As I am going through this process, I keep feeling my life beginning to change. Perspective seems to be changing for me, as though elements of my life I have felt to be crucial are no longer as important to me. All I want is to spend every free moment with my family, to hear them laugh and see their smiles, to watch my sons and nieces grow up, to crack inside jokes with my sister, and to spend time with my aging parents. I no longer care about work, which is horrible considering my insurance is through my work, though soon, my husband’s new position will be taking care of my insurance. There is much weight being lifted from my shoulders.
What I have also come to realize is that life is too short to spend doing what does not make me happy. I stare out the windows of the office on sunny days willing my day to move more quickly so that like a sunflower, I can turn my face to the warmth of the sun. I spend the entire day on the computer and the telephone, and while I am good at it, I’m not happy there. I am creative and have no creative outlet at work…I’m not complaining just making a statement. I have a great job, and am blessed to have one, but right now, my heart just isn’t in it. There has to be something, some way, that I can reengage in my life and have it supply money as well… where my heart comes through in a manner which allows success as well as some measure of financial income. I’m not shirking my responsibilities but keeping an open mind, much more open, on opportunities. My someday promises need to become today… time to make it happen!
In regard to my most recent testing, I did learn that I am not a carrier for the genetic anomoly referred to as BRCA… this means I am less likely to have a recurrence with this cancer, and more importantly, my boys and their lineage will not have to worry about this gene, at least not from our side of the family. That being said, that reopens the debate of removing one breast instead of two. My husband keeps saying, “Are you sure you want to remove both?” I don’t want to remove one, let alone two …. it’s a very scary thought no matter how you look at it. Major surgery is never a small task and now that I am no longer “young” it is even more daunting.
But I am sticking with a full mastectomy, and at some point in the future, having both breasts replaced. I learned, and may have mentioned, that as a smoker, I need to be tobacco free for 6-10 weeks before they will even consider reconstruction. Good lord … like overcoming this cancer is not enough, I now need to stop smoking as well? Don’t people know that smoking is tough to quit? Why did they wait until now, just before I have wrapped my head around this surgery to tell me? Doesn’t two surgeries seem more daunting and dangerous than just one? I know the argument…infection, skin breakdown, unhealthy skin trying to encompass new material. I get it , I truly do … it is no less daunting though knowing that there is another surgery to follow, to be healed and then start again, more recovery time, more missed time from work (another reason I need to work for myself.)
The good news, as I have stated is that my mother will be here, and because she will be here, my father will hover around my household as well. She will be the love and healing, he will be the strength. I am so blessed. I know that now more than ever. My sister will be the entertainment, my children the questioning expressions trying hard to not see a weakened mother, my youngest niece hoping to play nurse to her “best friend” as she recently described me, my older niece kind of hanging back, and my brother in law coming in and cracking jokes. What a great group of people to be surrounded by while recovering from major surgery … it will be a long process but one filled with so much love and adoration. I couldn’t ask for a better recovery team to be in my corner!

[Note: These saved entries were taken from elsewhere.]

Lemma BR_obedient_of_Kstar pi : Kstar u P Sigma pi ->
  (forall a b : A, \sum_(w : Omega) pi (w, a) * (u b w - u a w) <= 0) ->
  BR u P Sigma obedient.
Proof.
move=> [Kpi pi_min] obedience; split=> [|tau tau_strat]; first exact: (pure_strategy id).
have tau_le : expect pi (payoff tau) <= expect pi (payoff obedient).
  rewrite -subr_le0 expect_payoff_gain //; apply: sumr_le0 => m _; apply: sumr_le0 => b _.
  by rewrite mulr_ge0_le0 //; case: (tau_strat m).
apply: le_trans (le_trans (Ur_le_expect tau_strat Kpi) tau_le) _.
apply: Ur_ge => p s Pp Ss; rewrite ur_expect -!exp_util_expect; apply: pi_min.
by apply: Pi_sub_clco; exists p => //; exists s.
Qed.

Lemma Kstar_of_BR_obedient : BR u P Sigma obedient ->
  exists pi, Kstar u P Sigma pi /\
    forall a b : A, \sum_(w : Omega) pi (w, a) * (u b w - u a w) <= 0.
Proof.
move=> [_ obedient_best]; set v := Ur u P Sigma obedient.
have v_le z : K z -> v <= expect z (payoff obedient).
  exact: Ur_le_expect (pure_strategy id).
have gain_mix z y t : K z -> Pi P Sigma y -> 0 <= t <= 1 -> exists2 zt, K zt &
    forall ab, deviation_gain v ab zt =
               (1 - t) * deviation_gain v ab z + t * deviation_gain v ab y.
  move=> Kz Py t01; exists (mix t z y); first exact: closure_hull_mix.
  by move=> ab; rewrite deviation_gain_mix.
have [[pi Kpi gain_le0]|[lam lam_dist [eps eps_gt0 eps_le]]] :=
  orthant_alternative clco_Pi_compact clco_Pi_neq0 (@deviation_gain_continuous v) gain_mix.
- exists pi; split.
    split=> // pi' Kpi'; rewrite !exp_util_expect; apply: le_trans (v_le _ Kpi').
    have [a0 _] := actions_neq0; have := gain_le0 (a0, a0).
    by rewrite /deviation_gain /= deviation_refl subr_le0.
  move=> a b; rewrite -expect_deviation_gain.
  have := gain_le0 (a, b); have := v_le _ Kpi; rewrite /deviation_gain /=; lra.
- pose tau m c := \sum_(ab : A * A) lam ab * deviation ab.1 ab.2 m c.
  have tau_strat : is_strategy tau.
    by apply: is_strategy_mix => // ab; exact: pure_strategy.
  have : v + eps <= Ur u P Sigma tau.
    apply: Ur_ge => p s Pp Ss.
    have Pi_ps : Pi P Sigma (joint p s) by exists p => //; exists s.
    have := eps_le _ Pi_ps.
    have -> : \sum_(ab : A * A) lam ab * deviation_gain v ab (joint p s) = ur u p s tau - v.
      rewrite /deviation_gain /tau ur_mix; under eq_bigr do rewrite mulrBr -ur_expect.
      by rewrite sumrB -mulr_suml lam_dist.2 mul1r.
    lra.
  have := obedient_best tau tau_strat; rewrite -/v; lra.
Qed.

End Persuasion.

Theorem mainTheorem6 (R : realType) (Omega A : finType)
  (u : A -> Omega -> R) (P : set (Omega -> R))
  (Sigma : set (Omega -> A -> R)) :
  P !=set0 -> @closed {ptws Omega -> R} P -> convex_fset P -> (forall p, P p -> is_dist p) ->
  Sigma !=set0 -> @closed {ptws Omega -> {ptws A -> R}} Sigma -> convex_exp Sigma ->
  (forall s, Sigma s -> is_experiment s) ->
  (BR u P Sigma (@obedient R A) <->
   exists pi, Kstar u P Sigma pi /\
     forall a b : A, \sum_(w : Omega) pi (w, a) * (u b w - u a w) <= 0).
Proof.
move=> P_neq0 _ _ P_dist Sigma_neq0 _ _ Sigma_exp; split.
  exact: Kstar_of_BR_obedient.
by move=> [pi [Kpi obedience]]; exact: BR_obedient_of_Kstar Kpi obedience.
Qed.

What I do know is that my onward and upward path has not dissipated but rather provided a rocky terrain. I’ve got to strap on my boots, trust myself and my balance, and move forward. Even careful steps are steps forward. I will not be slowed or discouraged. I will follow this path from beginning to end, growing more balanced and steady, more trusting in my ability and inner strength, learning more from guiding forces than the occasional obstacles that lay ahead of me. I feel encouraged by what I am learning about myself, feeling more confident about my path, and more positive with each step that my path has taken me to where I need to be in my life. I’m not always a Me First kind of person … and for the first time in a long time, I am wondering why I haven’t shown myself the kind of love and attention I show everyone else. Would my path have slowed if I had paid better attention? Could I have done something different? Regardless of those answers, the past is just that, past, gone, unable to be changed. What I can do moving forward is pay better attention, take better care of myself, and watch over myself as I do those I love. Having to pay better attention has forced me to slow down, reevaluate where I am in life, take in my blessings, and really begin setting priorities. I would not change a thing… one of those blessings in disguise kind of things!